Instructions for the task → For this exercise, restate word for word only the lines from the first line of the data to the line containing "apply: alpha_of_bounds => //.".

(Records from a collection)
>>>

Local Notation s' := (alg_step ipX ipY F Lstar gradRs sigma eta Lc mu0 mu1 rule beta dl yd n s).
Local Notation r := (F (st_x s) - yd).
Local Notation g := (Lstar (st_x s) r).
Local Notation a := (alpha_of ipX ipY Lc mu0 mu1 rule r g).
Local Notation gm := (gam_of ipX eta dl n s).
Local Notation b := (beta_of ipX beta sigma a g (st_xi s - st_xip s) gm).

Lemma step_subdiff : subdiff ipX domR Rf (st_xi s') (st_x s').
Proof. exact: grad_conj_subdiff. Qed.

Lemma step_alpha_bounds :
  [/\ 0 < a, Order.min (mu0 / Lc ^+ 2) mu1 <= a & a * ipX g g <= mu0 * ipY r r].
Proof.
apply: alpha_of_bounds => //.
exact: (adjoint_sqr_le HXi HYi HLc (HLbd Hsb) (HLstar Hsb)).
Qed.

Lemma step_increment : st_xi s' - st_xi s = - (a *: g) + b *: (st_xi s - st_xip s).
Proof. by rewrite /= addrAC [st_xi s - _ - _]addrAC subrr add0r. Qed.

Lemma step_inner_le : ipX (st_xi s' - st_xi s) (st_x s - xb)
  <= - (a * ((1 - eta) * hnorm ipY r ^+ 2 - (1 + eta) * dl * hnorm ipY r)) + b * gm.
Proof.
have [a0 _ _] := step_alpha_bounds.
have [b0 _] := beta_of_bounds a g (st_xi s - st_xip s) gm HXi Hsigma Hbeta.
have hT := tcc_residual_le HXi HYi (HLlin Hsb) (Htcc sol_ball Hsb) (HLstar Hsb) Fxb Hyd eta0.
rewrite step_increment ipDl // ipNl // !ipZl //.
have hb := ler_wpM2l b0 Hgam; have ha := ler_wpM2l (ltW a0) hT.
by apply: lerD; [rewrite lerN2; exact ha | exact hb].
Qed.

Lemma step_gam : ipX (st_xi s' - st_xip s') (st_x s' - xb) <= gam_of ipX eta dl n.+1 s'.
Proof.
rewrite (_ : st_x s' - xb = (st_x s' - st_x s) + (st_x s - xb)); last by rewrite addrA subrK.
rewrite gam_ofS; have [_ -> _ -> [-> -> -> ->]] :=
  alg_stepE ipX ipY F Lstar gradRs sigma eta Lc mu0 mu1 rule beta dl yd n s.
by rewrite ipDr //; have := step_inner_le; lra.
Qed.

(* D(x') = D(x) + D^{xi'}(x, x') + <xi' - xi, x - xb>: the middle term is paid
   for by strong convexity, the last one by the tangential cone condition. *)
Lemma step_descent : tau * dl < hnorm ipY r ->
  bregman ipX Rf (st_xi s') xb (st_x s') + rate * dl ^+ 2
    <= bregman ipX Rf (st_xi s) xb (st_x s).
Proof.
move=> hres.
have [a0 amin aG] := step_alpha_bounds.
have [_ bB] := beta_of_bounds a g (st_xi s - st_xip s) gm HXi Hsigma Hbeta.
have cb := bregman_grad_conj_le HXi Hsigma Hsc Hgrad (st_xi s') Hsub.
rewrite step_increment in cb.
have hid : bregman ipX Rf (st_xi s') xb (st_x s') = bregman ipX Rf (st_xi s) xb (st_x s)
    + bregman ipX Rf (st_xi s') (st_x s) (st_x s') + ipX (st_xi s' - st_xi s) (st_x s - xb).
  by rewrite /bregman !ipBl // !ipBr //; lra.
rewrite -(hnorm_sqr HYi) in aG.
have := descent_bound Hsigma eta0 HLc tau0 Hmu0 Hmu1 Hdl hres a0 amin aG Hcond.
by rewrite hid; have := step_inner_le; move: cb bB => /= cb bB; lra.
Qed.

<<<

Solved problem →
Local Notation s' := (alg_step ipX ipY F Lstar gradRs sigma eta Lc mu0 mu1 rule beta dl yd n s).
Local Notation r := (F (st_x s) - yd).
Local Notation g := (Lstar (st_x s) r).
Local Notation a := (alpha_of ipX ipY Lc mu0 mu1 rule r g).
Local Notation gm := (gam_of ipX eta dl n s).
Local Notation b := (beta_of ipX beta sigma a g (st_xi s - st_xip s) gm).

Lemma step_subdiff : subdiff ipX domR Rf (st_xi s') (st_x s').
Proof. exact: grad_conj_subdiff. Qed.

Lemma step_alpha_bounds :
  [/\ 0 < a, Order.min (mu0 / Lc ^+ 2) mu1 <= a & a * ipX g g <= mu0 * ipY r r].
Proof.
apply: alpha_of_bounds => //.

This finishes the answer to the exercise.